MOVE Logistics Group has released its results for the 2023-24 financial year (FY24), admitting that group performance was below aspirations.

The New Zealand-based transport and logistics group lamented “clearly disappointing” results, amidst declined financial figures reflecting a group “underperformance”.

Revenue for FY24 was down by 13% to NZ$301.7 million, which Move said was a result of lower market and customer activity.

Net loss after tax for the year was NZ$48.1 million, including pre-tax, non-trading adjustments of NZ$19.7 million, with reduction in net operating cashflow (including rent and leases) to NZ$5.1 million.

Move said the priority of the board is to restore adjusted net operating cashflow, inclusive of rent and lease payments.

Net debt increased by NZ$1.4 million to NZ$17 million, with total bank debt of NZ$36 million (inclusive of NZ$9 million bank guarantees).

The group said the results reflected an underperformance, but claimed the results were exacerbated by a recessionary environment, which impacted customer demand and highlighted a need to right-size and improve efficiencies within the organisation.

According to Move, a group-wide change program has been developed and is now being executed at pace to drive financial improvement.

Julia Raue, chair of Move said this year’s results are “clearly disappointing, as well as acknowledging the company was “too slow” to react to the recessionary environment which has been stronger for longer than expected.

“We are now moving urgently to drive change and improvement. We have engaged with independent advisors to ensure we have validated the challenges and opportunities within the business as well as the external factors that have impacted Move’s performance,” Ms Raue said.

“We are moving ahead with a refreshed Board and leadership team and are united in our focus to execute the change program with urgency.”
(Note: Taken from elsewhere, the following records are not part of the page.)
Lemma normr_dotp_le u w : `|dotp u w| <= n%:R * `|u| * `|w|.
Proof.
rewrite /dotp (le_trans (ler_norm_sum _ _ _)) //.
rewrite -mulrA mulr_natl -[n in _ *+ n]card_ord -sumr_const ler_sum // => i _.
by rewrite normrM ler_pM ?normr_coord.
Qed.

Lemma dotpp_gt0 w : w != 0 -> 0 < dotp w w.
Proof.
move=> w0; rewrite lt_def sumr_ge0 ?andbT => [|i _]; last by rewrite -expr2 sqr_ge0.
apply: contra w0 => /eqP /psumr_eq0P w2_eq0; apply/eqP/rowP => i.
have /eqP : w ord0 i * w ord0 i == 0 by rewrite w2_eq0 // => j _; rewrite -expr2 sqr_ge0.
by rewrite mxE => /eqP; rewrite mulf_eq0 orbb => /eqP.
Qed.

End dotp.

Lemma lipschitz_continuous (R : realFieldType) (V W : normedModType R)
    (F : V -> W) (k : R) :
  (forall x y, `|F x - F y| <= k * `|x - y|) -> continuous F.
Proof.
move=> Flip x; apply/cvgrPdist_lt => e e0.
have k1 : 0 < `|k| + 1 by rewrite ltr_pwDr.
apply/nbhs_ballP; exists (e / (`|k| + 1)) => [|y]; first by rewrite /= divr_gt0.
rewrite -ball_normE /= => xy; apply: le_lt_trans (Flip x y) _.
apply: (@le_lt_trans _ _ ((`|k| + 1) * `|x - y|)); last by rewrite mulrC -ltr_pdivlMr.
by rewrite ler_wpM2r // (le_trans (ler_norm k)) // lerDl.
Qed.

Section is_norm.
Variables (R : realType) (n : nat) (f : 'rV[R]_n -> R).
Hypothesis f_norm : is_norm f.
Implicit Types x y : 'rV[R]_n.

Lemma is_norm_eq0 x : f x = 0 -> x = 0.
Proof. by case: f_norm => + _ _; apply. Qed.

Lemma is_normZ (a : R) x : f (a *: x) = `|a| * f x.
Proof. by case: f_norm. Qed.

Lemma is_normD x y : f (x + y) <= f x + f y.
Proof. by case: f_norm. Qed.

Lemma is_norm0 : f 0 = 0.
Proof. by rewrite -(scale0r 0) is_normZ normr0 mul0r. Qed.

Lemma is_normN x : f (- x) = f x.
Proof. by rewrite -scaleN1r is_normZ normrN normr1 mul1r. Qed.

Lemma is_norm_ge0 x : 0 <= f x.
Proof. by have := is_normD x (- x); rewrite subrr is_norm0 is_normN; lra. Qed.

Lemma is_norm_le : exists C, forall x, f x <= C * `|x|.
Proof.
exists (\sum_(i < n) f (delta_mx ord0 i)) => x.
rewrite {1}(matrix_sum_delta x) big_ord1 mulr_suml.
elim/big_rec2 : _ => [|i a b _ IH]; first by rewrite is_norm0.
rewrite (le_trans (is_normD _ _)) // lerD // is_normZ mulrC.
by rewrite ler_wpM2l ?is_norm_ge0 ?normr_coord.
Qed.

Lemma is_norm_lipschitz : exists C, forall x y, `|f x - f y| <= C * `|x - y|.
Proof.
have [C fC] := is_norm_le; exists C => x y.
have := is_normD (x - y) y; have := is_normD (y - x) x.
rewrite !subrK -opprB is_normN ler_norml; have := fC (x - y); lra.
Qed.

End is_norm.

Lemma limn_einf_ge (R : realType) (u : (\bar R)^nat) (x : \bar R) N :
  (forall k, (N <= k)%N -> (x <= u k)%E) -> (x <= limn_einf u)%E.
Proof.
move=> xu; rewrite limn_einf_lim (cvg_lim _ (@cvg_einfs_sup _ u)) //.
apply: le_ereal_sup_tmp; exists (einfs u N); first by exists N.
by apply: le_ereal_inf_tmp => _ [k /= Nk <-]; apply: xu.
Qed.

Lemma limn_esup_le (R : realType) (u : (\bar R)^nat) (x : \bar R) :
  (forall k, (u k <= x)%E) -> (limn_esup u <= x)%E.
Proof.
move=> ux; rewrite limn_esup_lim (cvg_lim _ (@cvg_esups_inf _ u)) //.
apply: ge_ereal_inf; exists (esups u 0); first by exists 0%N.
by apply: ge_ereal_sup => _ [k /= _ <-]; apply: ux.
Qed.

Section liminf_tw.
Variables (R : realType) (n : nat).
Notation V := 'rV[R]_n.
Implicit Types (g : R -> V -> \bar R) (w : V).

Lemma eq_liminf_tw g g' w :
  (forall t w', 0 < t -> g t w' = g' t w') -> liminf_tw g w = liminf_tw g' w.
Proof.
move=> gg'; congr ereal_sup; apply: eq_imagel => e _; congr ereal_inf.
by apply/seteqP; split=> _ [t /[dup] /andP[t0 _] te [w' w'w <-]];
  exists t => //; exists w' => //; rewrite gg'.
Qed.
Move says its success relies on three factors which will improve financial performance, namely; recalibrating operations, profitable revenue growth, and balance sheet resilience.

The change program targets delivery of significantly improved EBT in FY25, and a return to profitable normalized EBT in FY26.

“We are moving at pace to recalibrate the business, adapting it for current market conditions, and making it more efficient and fit for the future,” Raue said.

“We expect substantial progress over FY25 to restore cashflow and improve earnings, with initial results to be seen from 2H FY25. Costs associated with the change program will impact in FY25.

“The work we are doing now will reset our company, leverage MOVE’s strengths, realise its considerable potential and grow shareholder value.”

Ms Raue said the board is holding themselves and their team to account, and will keep shareholders and the market informed on their progress.